◆ **TASK GOAL**
The data follows. Retype every entry exactly.

(Stored data entries)
● ● ● ● ●

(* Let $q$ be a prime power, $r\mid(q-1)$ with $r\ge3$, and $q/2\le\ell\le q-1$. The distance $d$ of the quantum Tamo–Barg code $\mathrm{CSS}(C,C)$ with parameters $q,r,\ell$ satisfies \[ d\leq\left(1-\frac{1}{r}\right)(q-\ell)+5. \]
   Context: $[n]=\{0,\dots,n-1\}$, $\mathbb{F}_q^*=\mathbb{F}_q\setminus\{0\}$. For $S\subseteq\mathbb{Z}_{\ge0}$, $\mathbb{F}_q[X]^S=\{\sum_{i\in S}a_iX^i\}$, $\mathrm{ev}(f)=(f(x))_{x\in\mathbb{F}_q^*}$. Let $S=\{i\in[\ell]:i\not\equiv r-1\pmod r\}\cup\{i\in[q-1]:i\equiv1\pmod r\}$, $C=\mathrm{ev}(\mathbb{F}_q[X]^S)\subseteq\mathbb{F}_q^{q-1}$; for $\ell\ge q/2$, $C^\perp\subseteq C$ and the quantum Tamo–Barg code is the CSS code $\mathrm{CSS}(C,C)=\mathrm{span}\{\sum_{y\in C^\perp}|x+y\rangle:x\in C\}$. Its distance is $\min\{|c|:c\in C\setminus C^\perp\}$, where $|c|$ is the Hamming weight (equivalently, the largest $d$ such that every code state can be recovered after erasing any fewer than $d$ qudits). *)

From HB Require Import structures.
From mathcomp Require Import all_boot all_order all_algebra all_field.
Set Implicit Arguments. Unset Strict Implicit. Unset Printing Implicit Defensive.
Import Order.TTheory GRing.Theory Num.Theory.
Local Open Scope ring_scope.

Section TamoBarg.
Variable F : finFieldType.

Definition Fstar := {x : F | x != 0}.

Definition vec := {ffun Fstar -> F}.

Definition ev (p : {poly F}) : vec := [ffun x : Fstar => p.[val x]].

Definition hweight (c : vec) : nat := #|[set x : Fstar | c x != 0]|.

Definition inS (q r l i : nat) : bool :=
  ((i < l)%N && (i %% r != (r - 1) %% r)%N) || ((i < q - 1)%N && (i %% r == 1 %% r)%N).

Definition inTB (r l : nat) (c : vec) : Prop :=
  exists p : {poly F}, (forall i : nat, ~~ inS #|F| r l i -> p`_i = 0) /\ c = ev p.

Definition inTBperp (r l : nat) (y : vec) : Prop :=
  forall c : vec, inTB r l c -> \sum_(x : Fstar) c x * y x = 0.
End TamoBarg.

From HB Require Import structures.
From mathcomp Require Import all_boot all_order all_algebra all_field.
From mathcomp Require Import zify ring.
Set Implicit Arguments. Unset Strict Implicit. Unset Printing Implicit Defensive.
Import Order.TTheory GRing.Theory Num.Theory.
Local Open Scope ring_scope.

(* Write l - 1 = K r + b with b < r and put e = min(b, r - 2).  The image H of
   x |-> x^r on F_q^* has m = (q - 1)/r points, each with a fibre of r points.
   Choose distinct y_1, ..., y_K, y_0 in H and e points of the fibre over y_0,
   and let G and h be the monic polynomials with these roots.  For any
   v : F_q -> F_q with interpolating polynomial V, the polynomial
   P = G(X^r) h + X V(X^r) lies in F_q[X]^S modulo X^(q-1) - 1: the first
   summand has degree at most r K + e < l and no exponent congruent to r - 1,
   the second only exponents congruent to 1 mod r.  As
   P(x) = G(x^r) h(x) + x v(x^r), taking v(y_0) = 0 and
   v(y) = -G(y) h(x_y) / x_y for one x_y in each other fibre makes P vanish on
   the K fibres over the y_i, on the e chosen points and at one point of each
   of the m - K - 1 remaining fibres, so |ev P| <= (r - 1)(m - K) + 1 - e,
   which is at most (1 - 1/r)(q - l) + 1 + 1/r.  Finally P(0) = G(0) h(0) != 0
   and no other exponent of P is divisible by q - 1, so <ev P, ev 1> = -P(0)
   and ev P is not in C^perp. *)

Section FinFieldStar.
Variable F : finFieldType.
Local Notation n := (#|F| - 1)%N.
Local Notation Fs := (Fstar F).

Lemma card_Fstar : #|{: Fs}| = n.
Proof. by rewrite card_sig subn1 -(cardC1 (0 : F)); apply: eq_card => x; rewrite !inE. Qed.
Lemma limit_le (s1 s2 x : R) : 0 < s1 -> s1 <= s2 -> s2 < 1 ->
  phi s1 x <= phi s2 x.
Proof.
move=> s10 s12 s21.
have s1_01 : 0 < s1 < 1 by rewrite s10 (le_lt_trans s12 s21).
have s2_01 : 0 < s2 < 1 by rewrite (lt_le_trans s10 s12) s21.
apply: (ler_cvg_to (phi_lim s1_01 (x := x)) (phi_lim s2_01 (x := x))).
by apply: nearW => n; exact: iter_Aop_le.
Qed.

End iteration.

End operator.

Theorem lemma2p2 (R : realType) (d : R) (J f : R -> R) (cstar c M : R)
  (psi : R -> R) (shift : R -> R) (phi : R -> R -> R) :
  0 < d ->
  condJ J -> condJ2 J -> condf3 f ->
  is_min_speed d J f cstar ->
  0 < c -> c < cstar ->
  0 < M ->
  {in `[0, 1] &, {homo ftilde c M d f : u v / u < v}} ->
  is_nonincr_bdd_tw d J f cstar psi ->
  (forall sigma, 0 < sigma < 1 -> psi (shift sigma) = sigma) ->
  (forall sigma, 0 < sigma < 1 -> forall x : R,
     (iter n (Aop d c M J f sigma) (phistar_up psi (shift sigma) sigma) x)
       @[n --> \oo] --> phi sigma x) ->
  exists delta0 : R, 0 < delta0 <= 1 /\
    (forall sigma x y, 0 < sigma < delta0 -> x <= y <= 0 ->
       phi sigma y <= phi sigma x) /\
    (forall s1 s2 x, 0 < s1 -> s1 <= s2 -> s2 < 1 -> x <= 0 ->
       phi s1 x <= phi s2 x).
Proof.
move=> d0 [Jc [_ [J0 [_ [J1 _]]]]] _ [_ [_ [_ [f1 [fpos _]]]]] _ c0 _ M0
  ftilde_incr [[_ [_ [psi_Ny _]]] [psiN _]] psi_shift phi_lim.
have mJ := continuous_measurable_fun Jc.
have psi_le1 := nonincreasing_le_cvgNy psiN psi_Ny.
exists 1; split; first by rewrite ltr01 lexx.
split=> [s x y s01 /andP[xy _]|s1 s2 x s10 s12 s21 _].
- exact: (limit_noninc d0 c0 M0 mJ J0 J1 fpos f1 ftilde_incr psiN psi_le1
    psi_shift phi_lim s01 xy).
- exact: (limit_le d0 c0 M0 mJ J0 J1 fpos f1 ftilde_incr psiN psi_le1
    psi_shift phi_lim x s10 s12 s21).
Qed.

● ● ● ● ●

◆ **RESULT OF THE TASK**
(* Let $q$ be a prime power, $r\mid(q-1)$ with $r\ge3$, and $q/2\le\ell\le q-1$. The distance $d$ of the quantum Tamo–Barg code $\mathrm{CSS}(C,C)$ with parameters $q,r,\ell$ satisfies \[ d\leq\left(1-\frac{1}{r}\right)(q-\ell)+5. \]
   Context: $[n]=\{0,\dots,n-1\}$, $\mathbb{F}_q^*=\mathbb{F}_q\setminus\{0\}$. For $S\subseteq\mathbb{Z}_{\ge0}$, $\mathbb{F}_q[X]^S=\{\sum_{i\in S}a_iX^i\}$, $\mathrm{ev}(f)=(f(x))_{x\in\mathbb{F}_q^*}$. Let $S=\{i\in[\ell]:i\not\equiv r-1\pmod r\}\cup\{i\in[q-1]:i\equiv1\pmod r\}$, $C=\mathrm{ev}(\mathbb{F}_q[X]^S)\subseteq\mathbb{F}_q^{q-1}$; for $\ell\ge q/2$, $C^\perp\subseteq C$ and the quantum Tamo–Barg code is the CSS code $\mathrm{CSS}(C,C)=\mathrm{span}\{\sum_{y\in C^\perp}|x+y\rangle:x\in C\}$. Its distance is $\min\{|c|:c\in C\setminus C^\perp\}$, where $|c|$ is the Hamming weight (equivalently, the largest $d$ such that every code state can be recovered after erasing any fewer than $d$ qudits). *)

From HB Require Import structures.
From mathcomp Require Import all_boot all_order all_algebra all_field.
Set Implicit Arguments. Unset Strict Implicit. Unset Printing Implicit Defensive.
Import Order.TTheory GRing.Theory Num.Theory.
Local Open Scope ring_scope.

Section TamoBarg.
Variable F : finFieldType.

Definition Fstar := {x : F | x != 0}.

Definition vec := {ffun Fstar -> F}.

Definition ev (p : {poly F}) : vec := [ffun x : Fstar => p.[val x]].

Definition hweight (c : vec) : nat := #|[set x : Fstar | c x != 0]|.

Definition inS (q r l i : nat) : bool :=
  ((i < l)%N && (i %% r != (r - 1) %% r)%N) || ((i < q - 1)%N && (i %% r == 1 %% r)%N).

Definition inTB (r l : nat) (c : vec) : Prop :=
  exists p : {poly F}, (forall i : nat, ~~ inS #|F| r l i -> p`_i = 0) /\ c = ev p.

Definition inTBperp (r l : nat) (y : vec) : Prop :=
  forall c : vec, inTB r l c -> \sum_(x : Fstar) c x * y x = 0.
End TamoBarg.

From HB Require Import structures.
From mathcomp Require Import all_boot all_order all_algebra all_field.
From mathcomp Require Import zify ring.
Set Implicit Arguments. Unset Strict Implicit. Unset Printing Implicit Defensive.
Import Order.TTheory GRing.Theory Num.Theory.
Local Open Scope ring_scope.

(* Write l - 1 = K r + b with b < r and put e = min(b, r - 2).  The image H of
   x |-> x^r on F_q^* has m = (q - 1)/r points, each with a fibre of r points.
   Choose distinct y_1, ..., y_K, y_0 in H and e points of the fibre over y_0,
   and let G and h be the monic polynomials with these roots.  For any
   v : F_q -> F_q with interpolating polynomial V, the polynomial
   P = G(X^r) h + X V(X^r) lies in F_q[X]^S modulo X^(q-1) - 1: the first
   summand has degree at most r K + e < l and no exponent congruent to r - 1,
   the second only exponents congruent to 1 mod r.  As
   P(x) = G(x^r) h(x) + x v(x^r), taking v(y_0) = 0 and
   v(y) = -G(y) h(x_y) / x_y for one x_y in each other fibre makes P vanish on
   the K fibres over the y_i, on the e chosen points and at one point of each
   of the m - K - 1 remaining fibres, so |ev P| <= (r - 1)(m - K) + 1 - e,
   which is at most (1 - 1/r)(q - l) + 1 + 1/r.  Finally P(0) = G(0) h(0) != 0
   and no other exponent of P is divisible by q - 1, so <ev P, ev 1> = -P(0)
   and ev P is not in C^perp. *)

Section FinFieldStar.
Variable F : finFieldType.
Local Notation n := (#|F| - 1)%N.
Local Notation Fs := (Fstar F).

Lemma card_Fstar : #|{: Fs}| = n.
Proof. by rewrite card_sig subn1 -(cardC1 (0 : F)); apply: eq_card => x; rewrite !inE. Qed.
Lemma limit_le (s1 s2 x : R) : 0 < s1 -> s1 <= s2 -> s2 < 1 ->
  phi s1 x <= phi s2 x.
Proof.
move=> s10 s12 s21.
have s1_01 : 0 < s1 < 1 by rewrite s10 (le_lt_trans s12 s21).
have s2_01 : 0 < s2 < 1 by rewrite (lt_le_trans s10 s12) s21.
apply: (ler_cvg_to (phi_lim s1_01 (x := x)) (phi_lim s2_01 (x := x))).
by apply: nearW => n; exact: iter_Aop_le.
Qed.

End iteration.

End operator.

Theorem lemma2p2 (R : realType) (d : R) (J f : R -> R) (cstar c M : R)
  (psi : R -> R) (shift : R -> R) (phi : R -> R -> R) :
  0 < d ->
  condJ J -> condJ2 J -> condf3 f ->
  is_min_speed d J f cstar ->
  0 < c -> c < cstar ->
  0 < M ->
  {in `[0, 1] &, {homo ftilde c M d f : u v / u < v}} ->
  is_nonincr_bdd_tw d J f cstar psi ->
  (forall sigma, 0 < sigma < 1 -> psi (shift sigma) = sigma) ->
  (forall sigma, 0 < sigma < 1 -> forall x : R,
     (iter n (Aop d c M J f sigma) (phistar_up psi (shift sigma) sigma) x)
       @[n --> \oo] --> phi sigma x) ->
  exists delta0 : R, 0 < delta0 <= 1 /\
    (forall sigma x y, 0 < sigma < delta0 -> x <= y <= 0 ->
       phi sigma y <= phi sigma x) /\
    (forall s1 s2 x, 0 < s1 -> s1 <= s2 -> s2 < 1 -> x <= 0 ->
       phi s1 x <= phi s2 x).
Proof.
move=> d0 [Jc [_ [J0 [_ [J1 _]]]]] _ [_ [_ [_ [f1 [fpos _]]]]] _ c0 _ M0
  ftilde_incr [[_ [_ [psi_Ny _]]] [psiN _]] psi_shift phi_lim.
have mJ := continuous_measurable_fun Jc.
have psi_le1 := nonincreasing_le_cvgNy psiN psi_Ny.
exists 1; split; first by rewrite ltr01 lexx.
split=> [s x y s01 /andP[xy _]|s1 s2 x s10 s12 s21 _].
- exact: (limit_noninc d0 c0 M0 mJ J0 J1 fpos f1 ftilde_incr psiN psi_le1
    psi_shift phi_lim s01 xy).
- exact: (limit_le d0 c0 M0 mJ J0 J1 fpos f1 ftilde_incr psiN psi_le1
    psi_shift phi_lim x s10 s12 s21).
Qed.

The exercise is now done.